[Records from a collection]
#####
Lemma row_orth_prob n (p : R) (v : 'cV['F_2]_n) :
  \big[Rplus/0]_(r : {ffun 'I_n -> 'F_2})
     (\big[Rmult/1]_j bern p (r j) * indR ((\sum_j r j * v j ord0)%R == 0%R))
  = (1 + (1 - 2 * p) ^ wt v) / 2.
Proof.
under eq_bigr => r _ do rewrite ind_chi chi_sum.
have split_r (r : {ffun 'I_n -> 'F_2}) :
   \big[Rmult/1]_j bern p (r j) * ((1 + \big[Rmult/1]_j chi (r j * v j ord0)%R) / 2)
   = / 2 * (\big[Rmult/1]_j bern p (r j)
            + \big[Rmult/1]_j (bern p (r j) * chi (r j * v j ord0)%R)).
  by rewrite big_split /=; field.
under eq_bigr => r _ do rewrite split_r.
rewrite sumR_mull big_split /=.
rewrite -(bigA_distr_bigA (fun j a => bern p a)).
rewrite -(bigA_distr_bigA (fun j a => bern p a * chi (a * v j ord0)%R)).
under eq_bigr => j _ do rewrite sum_bern.
under [X in _ * (_ + X)]eq_bigr => j _ do rewrite sum_bern_chi.
rewrite (prodR_const 'I_n) pow1.
have -> : \big[Rmult/1]_j (if v j ord0 == 0%R then 1 else 1 - 2 * p) = (1 - 2 * p) ^ wt v.
  by rewrite -prodR_if; apply: eq_bigr => j _; case: (v j ord0 == 0%R).
field.
Qed.

Lemma mulmx_eq0 m n (M : 'M['F_2]_(m, n)) (v : 'cV['F_2]_n) :
  (M *m v == 0)%R = [forall i, (\sum_j M i j * v j ord0 == 0)%R].
Proof.
apply/eqP/forallP => [Mv0 i | rows0].
  by have := congr1 (fun A : 'cV_m => A i ord0) Mv0; rewrite !mxE => ->.
by apply/matrixP => i j; rewrite (ord1 j) !mxE; apply/eqP/rows0.
Qed.

Lemma bern_mx_prod m n p (M : 'M['F_2]_(m, n)) :
  bern_mx_law m n p M = \big[Rmult/1]_i \big[Rmult/1]_j bern p (M i j).
Proof. by rewrite /bern_mx_law (pair_bigA _ (fun i j => bern p (M i j))). Qed.

(* Step 1: by independence of the rows,
   Pr[M v = 0] = ((1 + (1 - 2p)^wt(v)) / 2)^m. *)
Lemma prob_ker m n p (v : 'cV['F_2]_n) :
  \big[Rplus/0]_(M : 'M['F_2]_(m, n)) (bern_mx_law m n p M * indR (M *m v == 0)%R)
  = ((1 + (1 - 2 * p) ^ wt v) / 2) ^ m.
Proof.
under eq_bigr => M _ do rewrite bern_mx_prod mulmx_eq0 -prod_ind -big_split /=.
pose mx_of (f : {ffun 'I_m -> {ffun 'I_n -> 'F_2}}) : 'M['F_2]_(m, n) :=
  (\matrix_(i, j) f i j)%R.
have mx_bij : bijective mx_of.
  exists (fun M : 'M['F_2]_(m, n) => [ffun i => [ffun j => M i j]]).
  - by move=> f; apply/ffunP => i; apply/ffunP => j; rewrite !ffunE mxE.
  - by move=> M; apply/matrixP => i j; rewrite mxE !ffunE.
rewrite (reindex mx_of); last exact: onW_bij.
pose row_term (r : {ffun 'I_n -> 'F_2}) :=
  \big[Rmult/1]_j bern p (r j) * indR ((\sum_j r j * v j ord0)%R == 0%R).
transitivity (\big[Rplus/0]_(f : {ffun 'I_m -> {ffun 'I_n -> 'F_2}})
                \big[Rmult/1]_i row_term (f i)).
  apply: eq_bigr => f _; apply: eq_bigr => i _; rewrite /row_term /mx_of.
  under eq_bigr => j _ do rewrite mxE.
  by under [in X in indR X]eq_bigr => j _ do rewrite mxE.
rewrite -(bigA_distr_bigA (fun i r => row_term r)).
under eq_bigr => i _ do rewrite /row_term row_orth_prob.
by rewrite (prodR_const 'I_m) card_ord.
Qed.

Section CollisionBound.
Variables (m n : nat) (p : R) (PX : 'cV['F_2]_n -> R).
Hypotheses (p_ge0 : 0 <= p) (p_le_half : p <= / 2) (PX_distr : is_distr PX).

Let PM := bern_mx_law m n p.

Lemma PM_ge0 M : 0 <= PM M.
Proof.
rewrite /PM bern_mx_prod; apply: prodR_ge0 => i _; apply: prodR_ge0 => j _.
by rewrite /bern; case: (M i j == 1%R); lra.
Qed.

Lemma PM_sum : \big[Rplus/0]_M PM M = 1.
Proof.
have := @prob_ker m n p 0%R; rewrite wt0 /=.
have -> : (1 + 1) / 2 = 1 by field.
by rewrite pow1 => <-; apply: eq_bigr => M _; rewrite mulmx0 eqxx /indR Rmult_1_r.
Qed.

Definition image_law (M : 'M['F_2]_(m, n)) (y : 'cV['F_2]_m) :=
  \big[Rplus/0]_(x | (M *m x)%R == y) PX x.

Lemma image_law_sum M : \big[Rplus/0]_y image_law M y = 1.
Proof.
rewrite /image_law; under eq_bigr => y _ do rewrite sum_cond_ind.
rewrite exchange_big; under eq_bigr => x _ do rewrite (sum_ind_eq _ (fun _ => PX x)).
exact: PX_distr.2.
Qed.

Lemma image_law_collision M : \big[Rplus/0]_y (image_law M y) ^ 2 =
  \big[Rplus/0]_x \big[Rplus/0]_x' (PX x * PX x' * indR ((M *m (x - x'))%R == 0%R)).
Proof.
rewrite /image_law.
under eq_bigr => y _ do rewrite sum_cond_ind /= Rmult_1_r -sum_mul_sum.
rewrite exchange_big; apply: eq_bigr => x _.
rewrite exchange_big; apply: eq_bigr => x' _.
have reorder y : indR ((M *m x)%R == y) * PX x * (indR ((M *m x')%R == y) * PX x')
   = indR ((M *m x)%R == y) * (PX x * PX x' * indR ((M *m x')%R == y)).
  by ring.
under eq_bigr => y _ do rewrite reorder.
rewrite (sum_ind_eq _ (fun y => PX x * PX x' * indR ((M *m x')%R == y))).
by rewrite mulmxBr GRing.subr_eq0 eq_sym.
Qed.

Definition l2_dev (M : 'M['F_2]_(m, n)) :=
  2 ^ m * \big[Rplus/0]_y (image_law M y - / 2 ^ m) ^ 2.

Lemma l2_dev_ge0 M : 0 <= l2_dev M.
Proof.
apply: Rmult_le_pos; first by apply: pow_le; lra.
by apply: sumR_ge0 => y _; apply: pow2_ge_0.
Qed.

Lemma l2_dev_collision M : l2_dev M = 2 ^ m * \big[Rplus/0]_y (image_law M y) ^ 2 - 1.
Proof.
have pow_nz : 2 ^ m <> 0 by apply: pow_nonzero; lra.
have expand y : (image_law M y - / 2 ^ m) ^ 2
   = (image_law M y) ^ 2 - (2 / 2 ^ m) * image_law M y + / 2 ^ m * / 2 ^ m * 1.
  by field.
rewrite /l2_dev; under eq_bigr => y _ do rewrite expand.
by rewrite big_split sumR_minus /= !sumR_mull image_law_sum sum_one_cV; field.
Qed.

(* Cauchy-Schwarz over y: the L1 distance is at most the root of l2_dev. *)
Lemma l1_le_l2 M : \big[Rplus/0]_y Rabs (image_law M y - / 2 ^ m) <= sqrt (l2_dev M).
Proof.
have cs := @cauchy_schwarz _ (fun _ : 'cV['F_2]_m => 1)
             (fun y => Rabs (image_law M y - / 2 ^ m)) (fun _ => Rle_0_1).
rewrite sum_one_cV in cs.
apply: le_sqrt; first by apply: sumR_ge0 => y _; apply: Rabs_pos.
rewrite (eq_bigr (fun y => 1 * Rabs (image_law M y - / 2 ^ m))); last by move=> *; lra.
apply: Rle_trans cs _; apply: Req_le; congr (_ * _).
by apply: eq_bigr => y _; rewrite Rmult_1_l pow2_abs.
Qed.

(* Averaging the collision probability over M with step 1. *)
Lemma mean_l2_dev : \big[Rplus/0]_M (PM M * l2_dev M) =
  \big[Rplus/0]_x \big[Rplus/0]_x'
     (PX x * PX x' * (1 + (1 - 2 * p) ^ wt (x - x')%R) ^ m) - 1.
Proof.
under eq_bigr => M _ do rewrite l2_dev_collision image_law_collision
                               Rmult_minus_distr_l Rmult_1_r.
rewrite sumR_minus PM_sum; congr (_ - 1).
have distribute M : PM M * (2 ^ m * \big[Rplus/0]_x \big[Rplus/0]_x'
     (PX x * PX x' * indR ((M *m (x - x'))%R == 0%R)))
   = \big[Rplus/0]_x \big[Rplus/0]_x' ((2 ^ m * PX x * PX x') *
       (PM M * indR ((M *m (x - x'))%R == 0%R))).
  rewrite -!sumR_mull; apply: eq_bigr => x _.
  by rewrite -!sumR_mull; apply: eq_bigr => x' _; ring.
under eq_bigr => M _ do rewrite distribute.
rewrite exchange_big; apply: eq_bigr => x _.
rewrite exchange_big; apply: eq_bigr => x' _.
rewrite sumR_mull prob_ker /Rdiv Rpow_mult_distr -Rinv_pow; last lra.
by field; apply: pow_nonzero; lra.
Qed.

Lemma sd_collision_bound :
  stat_dist (law_M_MX PM PX) (law_M_U m n PM)
  <= / 2 * sqrt (\big[Rplus/0]_x \big[Rplus/0]_x'
        (PX x * PX x' * (1 + (1 - 2 * p) ^ wt (x - x')%R) ^ m) - 1).
Proof.
rewrite /stat_dist -mean_l2_dev; apply: Rmult_le_compat_l; first lra.
have -> : \big[Rplus/0]_(w : 'M['F_2]_(m, n) * 'cV['F_2]_m)
    Rabs (law_M_MX PM PX w - law_M_U m n PM w)
  = \big[Rplus/0]_M \big[Rplus/0]_y Rabs (PM M * image_law M y - PM M * / 2 ^ m).
  by rewrite pair_bigA.
apply: Rle_trans (_ : \big[Rplus/0]_M (PM M * sqrt (l2_dev M)) <= _).
  apply: sumR_le => M _.
  under eq_bigr => y _ do rewrite -Rmult_minus_distr_l Rabs_mult (Rabs_pos_eq _ (PM_ge0 M)).
  by rewrite sumR_mull; apply: Rmult_le_compat_l; [exact: PM_ge0 | exact: l1_le_l2].
apply: le_sqrt.
  by apply: sumR_ge0 => M _; apply: Rmult_le_pos; [exact: PM_ge0 | exact: sqrt_pos].
have := @cauchy_schwarz _ PM (fun M => sqrt (l2_dev M)) PM_ge0.
rewrite PM_sum Rmult_1_l => cs; apply: Rle_trans cs _; apply: Req_le.
by apply: eq_bigr => M _; rewrite -Rsqr_pow2 Rsqr_sqrt //; exact: l2_dev_ge0.
Qed.

End CollisionBound.

Lemma pow_le1 (y : R) k : 0 <= y <= 1 -> y ^ k <= 1.
Proof. by move=> y01; rewrite -(pow1 k); apply: pow_incr; lra. Qed.

Lemma pow_le_dec (y : R) a b : 0 <= y <= 1 -> (a <= b)%N -> y ^ b <= y ^ a.
Proof.
move=> y01 ab; rewrite -(subnKC ab) pow_add.
have := pow_le1 (b - a) y01; have : 0 <= y ^ a by apply: pow_le; lra.
by move=> *; nra.
Qed.

Lemma exp_le x y : x <= y -> exp x <= exp y.
Proof. by case/Rle_lt_or_eq_dec => [xy | ->]; [left; apply: exp_increasing | apply: Rle_refl]. Qed.

Lemma ln_le x y : 0 < x -> x <= y -> ln x <= ln y.
Proof. by move=> x0; case/Rle_lt_or_eq_dec => [xy | ->]; [left; apply: ln_increasing | apply: Rle_refl]. Qed.

Lemma exp_pow_n a k : exp a ^ k = exp (INR k * a).
Proof.
elim: k => [|k IH]; first by rewrite /= Rmult_0_l exp_0.
have -> : exp a ^ k.+1 = exp a * exp a ^ k by [].
by rewrite IH -exp_plus S_INR; congr exp; ring.
Qed.

Lemma pow_as_exp (t : R) k : 0 < t -> t ^ k = exp (INR k * ln t).
Proof. by move=> t0; rewrite -exp_pow_n exp_ln. Qed.

Lemma ln_le_sub1 x : 0 < x -> ln x <= x - 1.
Proof. by move=> x0; have := exp_ineq1_le (ln x); rewrite exp_ln //; lra. Qed.

Lemma ln2_lt1 : ln 2 < 1.
Proof.
rewrite -[X in _ < X](ln_exp 1); apply: ln_increasing; first lra.
by have := exp_ineq1 1; lra.
Qed.

(* 1 + y <= exp y, raised to the k-th power. *)
Lemma one_plus_pow (y : R) k : 0 <= y -> (1 + y) ^ k <= exp (INR k * y).
Proof.
move=> y0; rewrite -exp_pow_n; apply: pow_incr; split; first lra.
by have := exp_ineq1_le y; lra.
Qed.

Lemma pow_exp_bound (u s : R) k : 0 <= u -> u <= exp (- s) -> u ^ k <= exp (- (INR k * s)).
Proof.
move=> u0 us; apply: Rle_trans (_ : exp (- s) ^ k <= _); first by apply: pow_incr.
by rewrite exp_pow_n; apply: Req_le; congr exp; ring.
Qed.

(* exp (d/2) <= 1 + d on [0, 1], from exp (-d/2) >= 1 - d/2. *)
Lemma exp_half_le d : 0 <= d <= 1 -> exp (d / 2) <= 1 + d.
Proof.
move=> d01.
have lower := exp_ineq1_le (- (d / 2)).
have inv : exp (d / 2) * exp (- (d / 2)) = 1 by rewrite -exp_plus Rplus_opp_r exp_0.
have pos := exp_pos (d / 2).
have : exp (d / 2) * (1 - d / 2) <= 1 by rewrite -inv; apply: Rmult_le_compat_l; lra.
by nra.
Qed.

Lemma ceil_nat (r : R) : 0 <= r -> exists k : nat, r <= INR k <= r + 1.
Proof.
move=> r0; have [up_gt up_le] := archimed r.
have up0 : Z.le 0 (up r) by apply: le_IZR; lra.
by exists (Z.to_nat (up r)); rewrite INR_IZR_INZ Z2Nat.id //; lra.
Qed.

Lemma minent_bound n (PX : 'cV['F_2]_n -> R) k :
  is_distr PX -> min_entropy_ge PX (INR k) -> forall x, PX x <= / 2 ^ k.
Proof.
move=> PX_distr PX_ent x.
case: (Rle_lt_or_eq_dec _ _ (PX_distr.1 x)) => [Px0 | <-]; last first.
  by apply: Rlt_le; apply: Rinv_0_lt_compat; apply: pow_lt; lra.
have ln2_pos : 0 < ln 2 by have := ln_lt_2; lra.
have k_le : INR k * ln 2 <= ln (/ PX x).
  have := Rmult_le_compat_r (ln 2) _ _ (Rlt_le _ _ ln2_pos) (PX_ent x Px0).
  by rewrite /log2 /Rdiv Rmult_assoc Rinv_l; lra.
have pow_le_inv : 2 ^ k <= / PX x.
  rewrite (pow_as_exp k (Rlt_0_2)) -(exp_ln (/ PX x)); last exact: Rinv_0_lt_compat.
  exact: exp_le.
rewrite -(Rinv_inv (PX x)); apply: Rinv_le_contravar => //; apply: pow_lt; lra.
Qed.

Definition light_count n W := \big[Rplus/0]_(v : 'cV['F_2]_n) indR (wt v < W)%N.

Definition small_count m j0 :=
  \big[Rplus/0]_(T : {ffun 'I_m -> bool}) indR (card_true T < j0)%N.

Section ThresholdBound.
Variables (m n : nat) (PX : 'cV['F_2]_n -> R) (eps : R).
Hypotheses (PX_distr : is_distr PX) (PX_le : forall x, PX x <= eps).

(* Splitting x' by the weight of x - x': light differences cost their mass,
   heavy ones cost y^W. *)
Lemma weighted_sum_split (x : 'cV['F_2]_n) (y : R) W : 0 <= y <= 1 ->
  \big[Rplus/0]_x' (PX x' * y ^ wt (x - x')%R) <= eps * light_count n W + y ^ W.
Proof.
move=> y01.
apply: Rle_trans (_ : \big[Rplus/0]_x'
    (eps * indR (wt (x - x')%R < W)%N + y ^ W * PX x') <= _).
  apply: sumR_le => x' _.
  have Px0 := PX_distr.1 x'; have Pxe := PX_le x'.
  have yW0 : 0 <= y ^ W by apply: pow_le; lra.
  rewrite /indR; case: ltnP => [light | heavy].
  - have := pow_le1 (wt (x - x')%R) y01.
    have : 0 <= y ^ wt (x - x')%R by apply: pow_le; lra.
    by move=> *; nra.
  - rewrite Rmult_0_r Rplus_0_l (Rmult_comm (y ^ W)); apply: Rmult_le_compat_l => //.
    exact: pow_le_dec.
rewrite big_split !sumR_mull PX_distr.2 /light_count.
by rewrite (sum_translate x (fun v => indR (wt v < W)%N)) Rmult_1_r; apply: Rle_refl.
Qed.

(* Using only the point-mass bound, with the weight enumerator. *)
Lemma weighted_sum_bound (x : 'cV['F_2]_n) (y : R) : 0 <= y ->
  \big[Rplus/0]_x' (PX x' * y ^ wt (x - x')%R) <= eps * (1 + y) ^ n.
Proof.
move=> y0; rewrite -wt_sum -(sum_translate x (fun v => y ^ wt v)) -sumR_mull.
by apply: sumR_le => x' _; apply: Rmult_le_compat_r; [apply: pow_le | apply: PX_le].
Qed.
#####
EXERCISE:
All lines of the data above that include the word "ffunE" must be shown.

EXERCISE RESULT:
  - by move=> f; apply/ffunP => i; apply/ffunP => j; rewrite !ffunE mxE.
  - by move=> M; apply/matrixP => i j; rewrite mxE !ffunE.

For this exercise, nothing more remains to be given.